• HANDS UP MALLEE • 

Meet the community taking children’s wellbeing into their own hands.

CASE STUDY: Place-based initiatives, Northern Mallee
2022 SIMNA AWARD WINNERS: Hands Ups Mallee and Clear Horizon, Outstanding Collaboration in Social Impact Measurement

We’ve all heard it takes a village to raise a child. But what does that look like in practice?

Hands Up Mallee offers us a glimpse – bringing together the community, organisations and services to support children and families to thrive.
Here’s how we’re helping them achieve greater community health and wellbeing outcomes.

About Hands Up Mallee

Hands Up Mallee is a Collective Impact Initiative based in the Northern Mallee region of Victoria on the land of the Latji Latji people. They take a place-based approach – working in partnership with community members, service providers, agencies, philanthropy and government to create and implement solutions driven by the community to meet their unique needs.

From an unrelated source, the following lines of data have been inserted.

(* Let $\eta=4\times10^{-6}$. Then \[ \mathcal{N}\supset\Delta_1=\{(\gamma,\lambda)\in(0,1)^2: |\gamma-2^{-1/2}|<\eta,\ |\lambda-2^{-1/2}|<\eta\}, \] \[ \mathcal{M}\supset\Delta_2=\{\lambda\in\mathbb{D}: |\lambda-2^{-1/2}|<3\eta/4\}, \] \[ \mathcal{O}\supset\Delta_3=\{\lambda\in(0,1): |\lambda-2^{-1/2}|<\eta\}. \]
   Context: Let $\mathcal{B}=\{1+\sum_{n=1}^\infty a_n x^n : a_n\in\{-1,0,1\}\}$ (power series converging on the open unit disk $\mathbb{D}\subset\mathbb{C}$). Define $\mathcal{M}=\{z\in\mathbb{D}: \exists f\in\mathcal{B},\ f(z)=0\}$, $\mathcal{N}=\{(\gamma,\lambda)\in(-1,1)^2: \exists f\in\mathcal{B},\ f(\gamma)=f(\lambda)=0\}$, $\mathcal{O}=\{\lambda\in(-1,1): \exists f\in\mathcal{B},\ f(\lambda)=f'(\lambda)=0\}$. *)

From Stdlib Require Import Reals.
From Coquelicot Require Import Coquelicot.
Open Scope R_scope.

Definition coeffB (a : nat -> R) : Prop :=
  a 0%nat = 1 /\ forall n : nat, (1 <= n)%nat -> a n = -1 \/ a n = 0 \/ a n = 1.

Definition zeroC (a : nat -> R) (z : C) : Prop :=
  is_series (fun n : nat => Cmult (RtoC (a n)) (Cpow z n)) (RtoC 0).

Definition setM (z : C) : Prop :=
  Cmod z < 1 /\ exists a, coeffB a /\ zeroC a z.

Definition setN (g l : R) : Prop :=
  -1 < g < 1 /\ -1 < l < 1 /\
  exists a, coeffB a /\ PSeries a g = 0 /\ PSeries a l = 0.

Definition setO (l : R) : Prop :=
  -1 < l < 1 /\
  exists a, coeffB a /\ PSeries a l = 0 /\ Derive (PSeries a) l = 0.

Definition eta : R := 4 / 1000000.

From Stdlib Require Import Reals.
From Coquelicot Require Import Coquelicot.
From Stdlib Require Import Lra Lia ZArith List Bool ClassicalEpsilon.
Import ListNotations.
Open Scope R_scope.

(* If P(x) = 1 - T x + D x^2 and u is a bounded real sequence with u_0 = u_1 = 0, then
   sum_n (u_(n+2) - T u_(n+1) + D u_n) x^n = P(x) * sum_n u_(n+2) x^n on the unit disk, so this
   power series vanishes at the roots of P there, doubly at a double root.  Its coefficients
   form an element of B when u_2 = 1 and u_(n+3) = T u_(n+2) - D u_(n+1) + d_n with digits d_n
   in {-1, 0, 1}.  For (T, D) close to (2 sqrt 2, 2), i.e. for roots close to 1/sqrt 2, the
   digits can be chosen greedily so that the state of this recurrence stays in a fixed compact
   region of the plane; that the region is invariant for every admissible (T, D) is checked on
   a finite grid of cells by integer interval arithmetic. *)

(** * Power series with a quadratic factor *)

Definition quad_coef (T D : R) (u : nat -> R) (n : nat) : R :=
  u (S (S n)) - T * u (S n) + D * u n.

Lemma is_pseries_quadratic_mult {K : AbsRing} {V : NormedModule K} (u : nat -> V)
    (t d x : K) (s : V) :
  u 0%nat = zero -> u 1%nat = zero -> mult x t = mult t x -> mult x d = mult d x ->
  is_pseries (fun n => u (S (S n))) x s ->
  is_pseries (fun n => plus (minus (u (S (S n))) (scal t (u (S n)))) (scal d (u n))) x
    (plus (minus s (scal t (scal x s))) (scal d (scal x (scal x s)))).
Proof.
  intros u0 u1 xt xd Hs.
  pose proof (is_pseries_incr_1 _ _ _ Hs) as Hs1.
  pose proof (is_pseries_incr_1 _ _ _ Hs1) as Hs2.
  pose proof (is_pseries_plus _ _ _ _ _
    (is_pseries_minus _ _ _ _ _ Hs (is_pseries_scal t _ _ _ xt Hs1))
    (is_pseries_scal d _ _ _ xd Hs2)) as H.
  refine (is_pseries_ext _ _ _ _ _ H).
  intros n; unfold PS_plus, PS_minus, PS_scal, PS_incr_1, minus.
  now destruct n as [|[|n]]; rewrite ?u0, ?u1.
Qed.

Lemma ex_pseries_bounded {K : AbsRing} {V : CompleteNormedModule K} (a : nat -> V)
    (x : K) (M : R) :
  (forall n, norm (a n) <= M) -> abs x < 1 -> ex_pseries a x.
Proof.
  intros Ha Hx.
  apply (ex_series_le _ (fun n => M * abs x ^ n)).
  - intros n. eapply Rle_trans; [apply norm_scal|].
    rewrite Rmult_comm. apply Rmult_le_compat; auto using norm_ge_0, abs_ge_0, abs_pow_n.
  - apply (ex_series_scal_l M (fun n => abs x ^ n)), ex_series_geom.
    rewrite Rabs_pos_eq; auto using abs_ge_0.
Qed.

Lemma CV_radius_bounded_gt (a : nat -> R) (M x : R) :
  (forall n, Rabs (a n) <= M) -> Rabs x < 1 -> Rbar_lt (Rabs x) (CV_radius a).
Proof.
  intros Ha Hx. apply (Rbar_lt_le_trans _ 1); [exact Hx|].
  apply (proj1 (CV_radius_bounded a)). exists M. intros n.
  now rewrite pow1, Rmult_1_r.
Qed.

Lemma pow_n_Cpow (z : C) (n : nat) : pow_n z n = Cpow z n.
Proof. induction n as [|n IH]; simpl; [reflexivity|now rewrite IH]. Qed.

Section QuadraticFactor.

Variables (T D M : R) (u : nat -> R).
Hypotheses (u0 : u 0%nat = 0) (u1 : u 1%nat = 0) (u_bounded : forall n, Rabs (u n) <= M).

Let v (n : nat) : R := u (S (S n)).

Lemma PSeries_quad_coef (x : R) : Rabs x < 1 ->
  PSeries (quad_coef T D u) x = (1 - T * x + D * x ^ 2) * PSeries v x.
Proof.
  intros Hx.
  assert (Hv : Rbar_lt (Rabs x) (CV_radius v))
    by exact (CV_radius_bounded_gt v M x (fun n => u_bounded _) Hx).
  apply is_pseries_unique.
  pose proof (is_pseries_quadratic_mult u T D x _ u0 u1 (Rmult_comm _ _) (Rmult_comm _ _)
    (PSeries_correct _ _ (CV_radius_inside _ _ Hv))) as H.
  replace ((1 - T * x + D * x ^ 2) * PSeries v x) with
    (plus (minus (PSeries v x) (scal T (scal x (PSeries v x))))
       (scal D (scal x (scal x (PSeries v x))))).
  - exact H.
  - unfold scal, minus, opp, plus; simpl. unfold mult; simpl. ring.
Qed.

Lemma Derive_PSeries_quad_coef_double_root (l : R) : Rabs l < 1 ->
  1 - T * l + D * l ^ 2 = 0 -> - T + 2 * D * l = 0 ->
  Derive (PSeries (quad_coef T D u)) l = 0.
Proof.
  intros Hl Hroot Hroot'.
  assert (Hnear : locally l (fun y => Rabs y < 1)).
  { apply (open_comp Rabs (fun r => r < 1)); [|apply open_lt|exact Hl].
    intros y _; apply continuous_Rabs. }
  apply is_derive_unique.
  apply (is_derive_ext_loc (fun y => (1 - T * y + D * y ^ 2) * PSeries v y)).
  - exact (filter_imp _ _ (fun y Hy => eq_sym (PSeries_quad_coef y Hy)) Hnear).
  - replace 0 with ((- T + 2 * D * l) * PSeries v l
                    + (1 - T * l + D * l ^ 2) * Derive (PSeries v) l)
      by (rewrite Hroot, Hroot'; ring).
    apply (is_derive_mult (fun y => 1 - T * y + D * y ^ 2) (PSeries v)).
    + auto_derive; [exact I|ring].
    + apply Derive_correct, ex_derive_PSeries.
      exact (CV_radius_bounded_gt v M l (fun n => u_bounded _) Hl).
    + intros; apply Rmult_comm.
Qed.

Lemma zeroC_quad_coef (z : C) : Cmod z < 1 ->
  (1 - T * z + D * Cpow z 2 = 0)%C -> zeroC (quad_coef T D u) z.
Proof.
  intros Hz Hroot.
  destruct (ex_pseries_bounded (V := C_CompleteNormedModule) (fun n => RtoC (v n)) z M)
    as [s Hs]; [intros n; change (Cmod (v n) <= M); rewrite Cmod_R; apply u_bounded|exact Hz|].
  pose proof (is_pseries_quadratic_mult (fun n => RtoC (u n)) (RtoC T) (RtoC D) z s
    (f_equal RtoC u0) (f_equal RtoC u1) (Cmult_comm _ _) (Cmult_comm _ _) Hs) as H.
  unfold zeroC.
  replace (RtoC 0) with (plus (minus s (scal (RtoC T) (scal z s)))
                              (scal (RtoC D) (scal z (scal z s)))).
  - refine (is_series_ext _ _ _ _ H). intros n.
    rewrite pow_n_Cpow. unfold quad_coef. rewrite RtoC_plus, RtoC_minus, !RtoC_mult.
    unfold scal, plus, minus, opp; simpl. unfold mult, plus; simpl. ring.
  - unfold scal, plus, minus, opp; simpl. unfold mult, plus; simpl.
    transitivity ((1 - T * z + D * Cpow z 2) * s)%C; [simpl; ring|].
    rewrite Hroot. ring.
Qed.

End QuadraticFactor.

(** * Greedy choice of the digits *)

Definition digit (d : R) : Prop := d = -1 \/ d = 0 \/ d = 1.

Lemma greedy_orbit {State Digit : Type} (K : State -> Prop) (P : Digit -> Prop)
    (f : State -> Digit -> State) (s0 : State) :
  K s0 -> (forall s, K s -> exists d, P d /\ K (f s d)) ->
  exists (d : nat -> Digit) (s : nat -> State), s 0%nat = s0 /\
    forall n, P (d n) /\ K (s n) /\ s (S n) = f (s n) (d n).
Proof.
  intros H0 Hstep.
  assert (choose : forall s : {s | K s}, {d | P d /\ K (f (proj1_sig s) d)}).
  { intros [s Hs]. apply constructive_indefinite_description, Hstep, Hs. }
  pose (next (s : {s | K s}) :=
    exist K (f (proj1_sig s) (proj1_sig (choose s))) (proj2 (proj2_sig (choose s)))).
  pose (orbit := fix orbit n := match n with O => exist K s0 H0 | S n => next (orbit n) end).
  exists (fun n => proj1_sig (choose (orbit n))), (fun n => proj1_sig (orbit n)).
  split; [reflexivity|]. intros n.
  split; [exact (proj1 (proj2_sig (choose (orbit n))))|].
  split; [exact (proj2_sig (orbit n))|reflexivity].
Qed.

(* In the coordinates w = u_(n+2), z = u_(n+2) - m u_(n+1) the recurrence
   u_(n+3) = T u_(n+2) - D u_(n+1) + d becomes [step m (T - D/m) (D/m)]; for m = sqrt 2 and
   (T, D) = (2 sqrt 2, 2) its linear part is the Jordan block sqrt 2 * [[1, 1], [0, 1]]. *)
Definition step (m A B : R) (p : R * R) (d : R) : R * R :=
  (A * fst p + B * snd p + d, (A - m) * fst p + B * snd p + d).

Definition shift2 (w : nat -> R) (n : nat) : R :=
  match n with O | S O => 0 | S (S k) => w k end.

Lemma quad_coef_orbit (T D m : R) (d : nat -> R) (s : nat -> R * R) : m <> 0 ->
  s 0%nat = (1, 1) -> (forall n, s (S n) = step m (T - D / m) (D / m) (s n) (d n)) ->
  forall n, quad_coef T D (shift2 (fun k => fst (s k))) n = match n with O => 1 | S k => d k end.
Proof.
  intros Hm Hs0 Hs.
  set (u := shift2 (fun k => fst (s k))).
  assert (Hsnd : forall k, snd (s k) = fst (s k) - m * u (S k)).
  { induction k as [|k IH].
    - rewrite Hs0. simpl. ring.
    - rewrite Hs. unfold step. simpl. ring. }
  intros [|k]; unfold quad_coef.
  - simpl. rewrite Hs0. simpl. ring.
  - change (u (S (S (S k)))) with (fst (s (S k))). change (u (S (S k))) with (fst (s k)).
    rewrite Hs. unfold step. simpl fst. rewrite Hsnd. field. exact Hm.
Qed.

(** * The trap region *)

Definition sq2 : R := 141421 / 100000.
Definition tol : R := 1 / 10000.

Meaningfully addressing the different social issues experienced in the Northern Mallee region means going beyond transactional consultation to instead work alongside community members – early and often – learning from their knowledge and experiences of local challenges. Communities need to be engaged to collaboratively design the initiative itself – along with local businesses, the services sector and funding bodies. This creates a shared and evidence-informed approach to guide action and investment for the greatest possible impact.

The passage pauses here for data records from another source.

Lemma disjoint_support_has a b : disjoint_support a b -> ~~ has (mem b) a.
Proof.
move=> dab; apply/hasPn => v va; apply/negP => vb.
by apply: (dab (index v a) (index v b)); rewrite ?index_mem ?nth_index.
Qed.

Lemma hanoi_moves_required r k f (S : seq nat -> Prop) a b :
  (forall x, S x <-> size x = k /\ hanoi_after r f x) ->
  S a -> S b -> disjoint_support a b ->
  moves_required (hanoi_move r S) a b (2 ^ k - 1).
Proof.
move=> SE /SE[sa a_ok] /SE[sb b_ok] /disjoint_support_has dab.
rewrite (eq_moves_required (R' := game r f) (P := fun x => size x = k)) //.
- by rewrite -sa; apply: moves_required_disjoint; rewrite ?sa ?sb.
- move=> x z sx; split=> [[/SE[_ x_ok] [/SE[_ z_ok] xz]] | xz]; first by [].
  have sz := size_hanoi_move xz; case: xz => x_ok [z_ok xz].
  by split; [apply/SE; rewrite sx | split; [apply/SE; rewrite sz sx | ]].
- by move=> x z [_ [/SE[]]].
Qed.

Theorem lemma6 (r k : nat) :
  1 <= r -> 1 <= k ->
  (forall a b : seq nat,
      hanoi r k a -> hanoi r k b -> disjoint_support a b ->
      moves_required (hanoi_move r (hanoi r k)) a b (2 ^ k - 1)) /\
  (forall a b : seq nat,
      hanoi_proper r k a -> hanoi_proper r k b -> disjoint_support a b ->
      moves_required (hanoi_move r (hanoi_proper r k)) a b (2 ^ k - 1)).
Proof.
move=> _ k_gt0; split=> a b.
  exact: hanoi_moves_required (hanoiE r k).
exact: hanoi_moves_required (hanoi_properE r k_gt0).
Qed.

But, when you have multiple stakeholders with different skills, backgrounds and priorities addressing different needs across a 22,083 square kilometre region, how do you keep a line of sight on the impact being made? How can you demonstrate to funders and community that their investment in these interventions is worthwhile? That’s where Clear Horizon comes in.

The Mallee community

In the far north-west of Victoria, the Mildura local government area covers around 10% of the states’ area and is home to nearly 55,000 people. The local community is rich in cultural diversity, with a large Aboriginal and Torres Strait Islander population (4.6% compared to 0.8% for the rest of Victoria), and over 40 different migrant groups.

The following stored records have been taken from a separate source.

(* Every point w of a box below (N, j) points in a direction O(e^{-2lN})-close
   to z^N_j: the branch estimate followed by one more step. *)
Lemma box_gap (N j : nat) (b : node) (w : Vec) :
  (1 <= N)%nat -> (j < J T N)%nat -> desc T (Nd N j) b -> Kbox T b w ->
  inBall n w /\ l * INR N <= bdist n vzero w /\
  kgap n (dir n (zc T N j)) (dir n w) <= K / (1 - q) ^ 2 * / exp (2 * (l * INR N)).
Proof.
  intros HN Hj Hd Hw. pose proof tree_params_pos as [Hl [HK Hq]].
  destruct (branch_gap N j b HN Hj Hd) as [M [i [-> [HNM [Hi Hbranch]]]]].
  destruct Hw as [Hwb [HwM [_ HQ]]]. fold l in HwM, HQ.
  assert (HM : (1 <= M)%nat) by lia.
  assert (HlN : l * INR N <= l * INR M) by (apply Rmult_le_compat_l; [lra | apply le_INR; lia]).
  pose proof (level_pos M HM) as HlM.
  assert (Hwp : 0 < vnorm n w).
  { rewrite (ball_norm_radius n w Hwb). apply radius_range. lra. }
  split; [exact Hwb|]. split; [lra|].
  pose proof (box_direction_gap M i w HM Hi Hwp HQ) as Hstep.
  pose proof (sqrt_exp_bound _ _ _ HK (kgap_nonneg _ _ _) Hstep) as Hs.
  pose proof (kgap_sqrt_triangle n (dir n (zc T N j)) (dir n (zc T M i)) (dir n w)
                (dir_unit n _ (zc_pos N j HN Hj)) (dir_unit n _ (zc_pos M i HM Hi))
                (dir_unit n _ Hwp)) as Htri.
  set (eM := exp (- (l * INR M))) in *. set (eN := exp (- (l * INR N))) in *.
  assert (HeM : 0 < eM) by apply exp_pos.
  assert (HsK : 0 < sqrt K) by (apply sqrt_lt_R0; auto).
  (* the geometric series of the branch dominates the last step *)
  assert (Hroot : sqrt (kgap n (dir n (zc T N j)) (dir n w)) <= sqrt K * eN / (1 - q)).
  { eapply Rle_trans; [exact Htri|].
    apply Rle_trans with (sqrt K * (eN - eM) / (1 - q) + sqrt K * eM / (1 - q)).
    - apply Rplus_le_compat; [exact Hbranch|]. eapply Rle_trans; [exact Hs|].
      unfold Rdiv. rewrite <- (Rmult_1_r (sqrt K * eM)) at 1.
      apply Rmult_le_compat_l; [nra|]. rewrite <- Rinv_1. apply Rinv_le_contravar; lra.
    - right. field. lra. }
  assert (HeN : eN ^ 2 = / exp (2 * (l * INR N))).
  { unfold eN. rewrite <- exp_Ropp. replace (exp (- (l * INR N)) ^ 2)
      with (exp (- (l * INR N)) * exp (- (l * INR N))) by ring.
    rewrite <- exp_plus. f_equal. ring. }
  rewrite <- HeN.
  pose proof (kgap_nonneg n (dir n (zc T N j)) (dir n w)) as Hg0.
  set (g := kgap n (dir n (zc T N j)) (dir n w)) in *.
  rewrite <- (sqrt_sqrt g Hg0).
  replace (K / (1 - q) ^ 2 * eN ^ 2) with ((sqrt K * eN / (1 - q)) * (sqrt K * eN / (1 - q)))
    by (rewrite <- (sqrt_sqrt K) at 3 by lra; field; lra).
  pose proof (sqrt_pos g). apply Rmult_le_compat; auto.
Qed.

End Tree.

The region is known for its big skies, rich earth and the mighty Murray River. It has a proud and longstanding reputation as a place of resilience and resourcefulness. Hands up Mallee was created from these foundations of self-sufficiency, and the knowledge that those within community are best placed to address the ongoing effects of intergenerational social, health and economic inequities.

Despite growing up in a region with vast natural wealth, local children begin life behind in many areas. Many families face high housing and food insecurity rates, living on household incomes significantly below the state average. There are elevated risks of family violence and crime, and increased rates of drug and alcohol misuse. These conditions reduce opportunities to thrive and create a complex backdrop to childhood development.

Creating and tracking community change

Hands Up Mallee partnered with Clear Horizon to co-create a Measurement, Evaluation and Learning (MEL) Framework to help guide and track their work with partners in delivering better, more sustainable outcomes for children and families.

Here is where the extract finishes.